Les enseignant·e·s aussi participent à la
socialisation différente des filles et des garçons. Par exemple
Mosconi (2004) a montré que les professeur·e·s ont plus
tendance à considérer que la réussite des garçons
serait liée à leurs capacités (et auraient donc un
caractère inné) alors que la réussite des filles serait le
résultat des efforts qu'elles fournissent. En d'autres termes, cela
revient à considérer les filles comme naturellement moins
intelligentes que les garçons. Pour réussir, ces dernières
auraient besoin de fournir des efforts. Certaines matières scolaires
sont également plus connotées « masculines » (les
mathématiques) et/ou « féminines » (le
français). Ces stéréotypes vont jusqu'à influencer
les résultats des élèves dans certaines matières.
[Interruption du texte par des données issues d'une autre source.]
(* A reproducing kernel Hilbert space of real functions on X with reproducing
   kernel k: a linear space of functions [rk_mem] with an inner product [rk_ip]
   (symmetric, bilinear, positive definite on [rk_mem]), complete for the induced
   norm, containing every k(.,x) and satisfying <f, k(.,x)> = f x.
   (By the Moore-Aronszajn theorem such a space, when it exists, is unique:
   it is H_k.) *)
Record RKHS (X : Type) (k : X -> X -> R) := {
  rk_mem : (X -> R) -> Prop;
  rk_ip : (X -> R) -> (X -> R) -> R;
  rk_mem_add : forall f g, rk_mem f -> rk_mem g -> rk_mem (fun z => f z + g z);
  rk_mem_scal : forall (a : R) f, rk_mem f -> rk_mem (fun z => a * f z);
  rk_ip_sym : forall f g, rk_mem f -> rk_mem g -> rk_ip f g = rk_ip g f;
  rk_ip_add_l : forall f g u, rk_mem f -> rk_mem g -> rk_mem u ->
      rk_ip (fun z => f z + g z) u = rk_ip f u + rk_ip g u;
  rk_ip_scal_l : forall (a : R) f u, rk_mem f -> rk_mem u ->
      rk_ip (fun z => a * f z) u = a * rk_ip f u;
  rk_ip_pos : forall f, rk_mem f -> 0 <= rk_ip f f;
  rk_ip_def : forall f, rk_mem f -> rk_ip f f = 0 -> forall z, f z = 0;
  rk_complete : forall u : nat -> X -> R, (forall n, rk_mem (u n)) ->
      (forall eps, 0 < eps -> exists N, forall m n, (N <= m)%nat -> (N <= n)%nat ->
          sqrt (rk_ip (fun z => u m z - u n z) (fun z => u m z - u n z)) < eps) ->
      exists f, rk_mem f /\
        (forall eps, 0 < eps -> exists N, forall n, (N <= n)%nat ->
          sqrt (rk_ip (fun z => u n z - f z) (fun z => u n z - f z)) < eps);
  rk_mem_kernel : forall x, rk_mem (fun z => k z x);
  rk_reproducing : forall f x, rk_mem f -> rk_ip f (fun z => k z x) = f x
}.

Definition rkhs_norm (X : Type) (k : X -> X -> R) (H : RKHS k) (f : X -> R) : R :=
  sqrt (rk_ip H f f).

Definition delta (X : Type) (x y : X) : R :=
  if excluded_middle_informative (x = y) then 1 else 0.

Definition sigma2_delta (X : Type) (sigma : R) (x y : X) : R := sigma ^ 2 * delta x y.

Definition ksigma (X : Type) (k : X -> X -> R) (sigma : R) (x y : X) : R :=
  k x y + sigma ^ 2 * delta x y.

Definition gram (X : Type) (k : X -> X -> R) (t : nat) (xs : 'I_t -> X) : 'M[R]_t :=
  \matrix_(i, j) k (xs i) (xs j).

Definition kvec (X : Type) (k : X -> X -> R) (t : nat) (xs : 'I_t -> X) (x : X) : 'cV[R]_t :=
  \col_i k x (xs i).

Definition post_mean (X : Type) (k : X -> X -> R) (sigma : R) (t : nat)
    (xs : 'I_t -> X) (ys : 'cV[R]_t) (x : X) : R :=
  ((kvec k xs x)^T *m invmx (gram k xs + (pow sigma 2)%:M) *m ys)%R ord0 ord0.
(* Let $\mathbf x\in\Omega$ and $\mathbf u=g(\mathbf x)$. (i) If $(X_j)_{j\ge1}$ is the $M$-decomposition of $\mathbf x$, then the $M'$-decomposition of $g(\mathbf x)$ is $(g_0(X_j))_{j\ge1}$. (ii) If $(U_j)_{j\ge1}$ is the $M'$-decomposition of $\mathbf u\in\Omega$ and $h(\mathbf u)=\prod_{j\ge1}g_0^{-1}(U_j)$, then the $M$-decomposition of $h(\mathbf u)$ is $(g_0^{-1}(U_j))_{j\ge1}$. (iii) The map $g:\Omega\to\Omega$ is a bijection.
   Context: Let $\Sigma=\{1,\dots,N\}$ with $N\ge4$, and let $\tau,\kappa,\alpha,\gamma\in\Sigma$ be distinct except that $\tau=\alpha$ is allowed. $\Sigma^*$ denotes finite words, $a^k$ the word of $k$ copies of $a$, and $\Omega=\{\omega\kappa^\infty:\omega\in\Sigma^*\}$. Let $\mathcal C_M=\{\tau\gamma^k:k\ge2\}\cup\{\kappa\alpha^k\kappa\gamma:k\ge0\}$ and $\mathcal C_{M'}=\{\kappa\alpha^k\kappa\gamma:k\ge0\}\cup\{\kappa\alpha^k\kappa\gamma\gamma:k\ge0\}\cup\{\tau\gamma\gamma\}$; letters of $\Sigma$ are regarded as one-letter words. The $M$-decomposition of $\mathbf x\in\Omega$ is $\mathbf x=X_1X_2\cdots$ where $X_1$ is the longest prefix of $\mathbf x$ in $\mathcal C_M\cup\Sigma$, and inductively $X_k$ is the longest prefix of $X_kX_{k+1}\cdots$ (the remaining tail) lying in $\mathcal C_M\cup\Sigma$. The $M'$-decomposition is defined the same way using $\mathcal C_{M'}\cup\Sigma$. Define the bijection $g_0:\mathcal C_M\cup\Sigma\to\mathcal C_{M'}\cup\Sigma$ by $\tau\gamma^k\mapsto\kappa\alpha^{k-2}\kappa\gamma$ ($k\ge2$), $\kappa\alpha^k\kappa\gamma\mapsto\kappa\alpha^{k-1}\kappa\gamma\gamma$ ($k\ge1$), $\kappa\kappa\gamma\mapsto\tau\gamma\gamma$, $i\mapsto i$ ($i\in\Sigma$). Define $g:\Omega\to\Omega$ by $g(\mathbf x)=\prod_{j\ge1}g_0(X_j)$ (concatenation), where $(X_j)$ is the $M$-decomposition of $\mathbf x$. *)

From mathcomp Require Import all_boot.
From Stdlib Require Import ClassicalEpsilon.
Set Implicit Arguments. Unset Strict Implicit. Unset Printing Implicit Defensive.

Section Defs.
Variables (N tau kappa alpha gamma : nat).

Definition inSigma (a : nat) : bool := (1 <= a <= N).

Definition inOmega (x : nat -> nat) : Prop :=
  (forall n, inSigma (x n)) /\ exists n0, forall m, n0 <= m -> x m = kappa.

Definition isLetter (w : seq nat) : bool := (size w == 1) && all inSigma w.

Definition isTauGam (w : seq nat) : bool :=
  if w is a :: t then (a == tau) && (2 <= size t) && all (pred1 gamma) t else false.

Definition isKAKG (w : seq nat) : bool :=
  (3 <= size w) && (w == kappa :: nseq (size w - 3) alpha ++ [:: kappa; gamma]).

Definition isKAKGG (w : seq nat) : bool :=
  (4 <= size w) && (w == kappa :: nseq (size w - 4) alpha ++ [:: kappa; gamma; gamma]).

Definition inCMS (w : seq nat) : bool := isTauGam w || isKAKG w || isLetter w.
Definition inCM'S (w : seq nat) : bool :=
  isKAKG w || isKAKGG w || (w == [:: tau; gamma; gamma]) || isLetter w.

(* g_0 : C_M u Sigma -> C_M' u Sigma (identity outside its domain) *)
Definition g0 (w : seq nat) : seq nat :=
  if isTauGam w then kappa :: nseq (size w - 3) alpha ++ [:: kappa; gamma]
  else if isKAKG w then
    (if 1 <= size w - 3 then kappa :: nseq (size w - 4) alpha ++ [:: kappa; gamma; gamma]
     else [:: tau; gamma; gamma])
  else w.

(* g_0^{-1} : C_M' u Sigma -> C_M u Sigma (identity outside its domain) *)
Definition g0inv (w : seq nat) : seq nat :=
  if isKAKG w then tau :: nseq (size w - 3).+2 gamma
  else if isKAKGG w then kappa :: nseq (size w - 4).+1 alpha ++ [:: kappa; gamma]
  else if w == [:: tau; gamma; gamma] then [:: kappa; kappa; gamma]
  else w.

End Defs.

Definition pos (X : nat -> seq nat) (j : nat) : nat := \sum_(i < j) size (X i).

Definition isDecomp (P : seq nat -> bool) (x : nat -> nat) (X : nat -> seq nat) : Prop :=
  forall j,
    P (X j) /\
    (forall i, i < size (X j) -> nth 0 (X j) i = x (pos X j + i)) /\
    (forall w, P w -> (forall i, i < size w -> nth 0 w i = x (pos X j + i)) ->
       size w <= size (X j)).

(* infinite concatenation X_1 X_2 ... of nonempty finite words *)
Fixpoint cat_aux (fuel : nat) (X : nat -> seq nat) (j n : nat) : nat :=
  match fuel with
  | 0 => 0
  | fuel'.+1 => if n < size (X j) then nth 0 (X j) n
                else cat_aux fuel' X j.+1 (n - size (X j))
  end.
Definition infconcat (X : nat -> seq nat) : nat -> nat := fun n => cat_aux n.+1 X 0 n.

Definition decomp (P : seq nat -> bool) (x : nat -> nat) : nat -> seq nat :=
  epsilon (inhabits (fun _ => [::])) (fun X => isDecomp P x X).

Definition g (N tau kappa alpha gamma : nat) (x : nat -> nat) : nat -> nat :=
  infconcat (fun j => g0 tau kappa alpha gamma (decomp (inCMS N tau kappa alpha gamma) x j)).

From mathcomp Require Import all_boot zify.
From Stdlib Require Import ClassicalEpsilon FunctionalExtensionality.
Set Implicit Arguments. Unset Strict Implicit. Unset Printing Implicit Defensive.

(* Whether a block of a greedy parse is longest depends only on the word following it, through
   a few lookahead patterns: a block tau gamma^k of M (resp. kappa alpha^k kappa gamma of M') is
   longest iff the rest does not begin with gamma, the letter tau iff the rest does not begin
   with gamma gamma, the letter kappa iff the rest does not begin with any alpha^m kappa gamma,
   and every other block is always longest. A lookahead pattern cannot overlap a block of
   length at least two of M or M' (those begin with tau gamma, or with kappa and a letter other
   than gamma), so a word parsed into M-blocks begins with a pattern iff its image under g0
   does. Hence g0 carries the maximality conditions of M onto those of M', which gives (i) and,
   through g0^-1, (ii); (iii) follows from the uniqueness of decompositions, a tail kappa^oo
   being parsed letter by letter. *)

Definition prefix_of (w : seq nat) (t : nat -> nat) : Prop :=
  forall i, i < size w -> nth 0 w i = t i.

(* [wcat w s] is the infinite word [w s]: the default value of [nth] supplies [s]. *)
Definition wcat (w : seq nat) (s : nat -> nat) : nat -> nat :=
  fun n => nth (s (n - size w)) w n.

(* [i + k] rather than [k + i] makes [shift X k 0] convertible to [X k]. *)
Definition shift (X : nat -> seq nat) (k : nat) : nat -> seq nat := fun i => X (i + k).

Definition longest (P : pred (seq nat)) (B : seq nat) (t : nat -> nat) : Prop :=
  forall w, P w -> prefix_of w t -> size w <= size B.

Lemma prefix_cat u v t :
  prefix_of (u ++ v) t <-> prefix_of u t /\ prefix_of v (fun i => t (size u + i)).
Proof.
split=> [pre | [pu pv] i].
  split=> i lt_i; first by rewrite -pre ?nth_cat ?lt_i // size_cat; lia.
  by rewrite -pre ?nth_cat ?ltnNge ?leq_addr ?addKn // size_cat; lia.
rewrite nth_cat size_cat => lt_i; case: ltnP => [/pu // | ge_i].
by rewrite pv ?subnKC //; lia.
Qed.

Lemma prefix_nseq k a t : prefix_of (nseq k a) t <-> forall i, i < k -> t i = a.
Proof.
rewrite /prefix_of size_nseq.
split=> pre i lt_i; last by rewrite nth_nseq lt_i pre.
by rewrite -pre // nth_nseq lt_i.
Qed.

Lemma prefix_letter a t : prefix_of [:: a] t <-> t 0 = a.
Proof. by split=> [/(_ 0) <- | <- [|i]]. Qed.

Lemma prefix_wcat w s : prefix_of w (wcat w s).
Proof. by move=> i lt_i; rewrite /wcat (set_nth_default (s (i - size w)) 0). Qed.

Lemma wcat_drop w s i : wcat w s (size w + i) = s i.
Proof. by rewrite /wcat nth_default ?leq_addr // addKn. Qed.

Lemma prefix_wcat_cat w v s : prefix_of (w ++ v) (wcat w s) <-> prefix_of v s.
Proof.
split=> [/prefix_cat[_ pv] i lt_i | pv]; first by rewrite pv // wcat_drop.
by apply/prefix_cat; split=> [|i lt_i]; [exact: prefix_wcat | rewrite wcat_drop pv].
Qed.

Lemma prefix_wcat_letter a b v s :
  prefix_of (b :: v) (wcat [:: a] s) <-> b = a /\ prefix_of v s.
Proof.
split=> [pre | [-> pv]]; last exact/(prefix_wcat_cat [:: a] v s).
have ba : b = a := pre 0 isT.
by split=> //; move: pre; rewrite ba -cat1s => /prefix_wcat_cat.
Qed.

Lemma longest_ext P B v s :
  longest P B (wcat B s) -> P (B ++ v) -> prefix_of v s -> v = [::].
Proof.
move=> lg Pv /(prefix_wcat_cat B) pv; have := lg _ Pv pv.
by rewrite size_cat => le; apply: size0nil; lia.
Qed.

Lemma cat_aux_shift f X j k n : cat_aux f X (k + j) n = cat_aux f (shift X j) k n.
Proof. by elim: f k n => [|f IH] k n //=; rewrite -addSn IH. Qed.

Lemma cat_aux_fuel X : (forall j, 0 < size (X j)) ->
  forall f f' j n, n < f -> n < f' -> cat_aux f X j n = cat_aux f' X j n.
Proof.
move=> ne; elim=> [|f IH] [|f'] j n //= lt_f lt_f'.
case: ltnP => // ge_n; apply: IH; have := ne j; lia.
Qed.

Lemma infconcat_wcat X : (forall j, 0 < size (X j)) ->
  infconcat X = wcat (X 0) (infconcat (shift X 1)).
Proof.
move=> ne; apply: functional_extensionality => n.
rewrite /infconcat /wcat [cat_aux n.+1 _ _ _]/=.
case: ltnP => [lt_n | ge_n]; first exact: set_nth_default.
rewrite nth_default // -(cat_aux_shift _ _ 1 0); apply: cat_aux_fuel => //.
have := ne 0; lia.
Qed.

Lemma pos0 X : pos X 0 = 0.
Proof. by rewrite /pos big_ord0. Qed.

Lemma posS X j : pos X j.+1 = pos X j + size (X j).
Proof. by rewrite /pos big_ord_recr. Qed.

Section InfiniteConcatenation.
Variable X : nat -> seq nat.
Hypothesis X_nonempty : forall j, 0 < size (X j).

Lemma infconcat_shiftS j : infconcat (shift X j) = wcat (X j) (infconcat (shift X j.+1)).
Proof.
rewrite infconcat_wcat => [|i]; last exact: X_nonempty.
congr (wcat _ (infconcat _)); apply: functional_extensionality => i.
by rewrite /shift -addnA add1n.
Qed.

Lemma infconcat_pos j : (fun i => infconcat X (pos X j + i)) = infconcat (shift X j).
Proof.
elim: j => [|j IH].
  rewrite pos0; congr infconcat.
  by apply: functional_extensionality => i; rewrite /shift addn0.
apply: functional_extensionality => i.
rewrite posS -addnA (congr1 (fun f => f (size (X j) + i)) IH).
by rewrite infconcat_shiftS wcat_drop.
Qed.

Lemma infconcat_block j i : i < size (X j) -> infconcat X (pos X j + i) = nth 0 (X j) i.
Proof.
move=> lt_i; rewrite (congr1 (fun f => f i) (infconcat_pos j)) infconcat_shiftS.
by symmetry; apply: prefix_wcat.
Qed.

Lemma pos_ge j : j <= pos X j.
Proof. by elim: j => [|j IH]; rewrite ?pos0 // posS; have := X_nonempty j; lia. Qed.

Lemma pos_cover n : exists j i, i < size (X j) /\ n = pos X j + i.
Proof.
elim: n => [|n [j [i [lt_i ->]]]]; first by exists 0, 0; rewrite pos0.
case: (ltnP i.+1 (size (X j))) => [lt_i1 | ge_i1]; first by exists j, i.+1; rewrite addnS.
by exists j.+1, 0; rewrite posS; split; [exact: X_nonempty | lia].
Qed.

End InfiniteConcatenation.

Lemma infconcat_const Z a : (forall j, Z j = [:: a]) -> forall n, infconcat Z n = a.
Proof.
move=> Za n; elim: n Z Za => [|n IH] Z Za;
  (rewrite infconcat_wcat => [|j]; last by rewrite Za); rewrite Za //.
by rewrite -[n.+1]/(size [:: a] + n) wcat_drop; apply: IH => j; apply: Za.
Qed.

Section Decompositions.
Variables (N kappa gamma : nat) (P : pred (seq nat)).
Hypotheses (P_nonempty : forall w, P w -> 0 < size w)
  (P_letter : forall a, inSigma N a -> P [:: a])
  (P_last : forall w, P w -> 1 < size w -> last 0 w = gamma)
  (kappa_gamma : kappa <> gamma).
En effet, Huguet et Regner (2007) ont montré qu'un même exercice
présenté à des élèves comme étant un
exercice de géométrie ou un exercice de mémoire d'un
dessin ne donne pas le même type de résultats. Ainsi lorsque
l'exercice est présenté comme une épreuve de
géométrie, les résultats des filles sont inférieurs
à celui des garçons, et ce même quand celles-ci
déclarent être plus compétentes en mathématiques que
les garçons. Lorsque la même épreuve est
présentée comme une épreuve de dessin, les
résultats des filles sont supérieurs à ceux des
garçons. Nous pouvons interpréter ce résultat comme la
conséquence de la « menace du
stéréotype» (Steele & Aronson, 1995). La «
menace du stéréotype» est définie comme les
effets négatifs que peut avoir un stéréotype sur la
performance d'un groupe soumis à ce stéréotype lorsque
celui-ci est activé dans la tâche à effectuer. Dans cette
tâche, on peut également supposer que les
stéréotypes de sexe pourraient avoir eu une influence sur les
sentiments de compétences en mathématiques des filles ayant
eux-mêmes une influence sur leur résultat.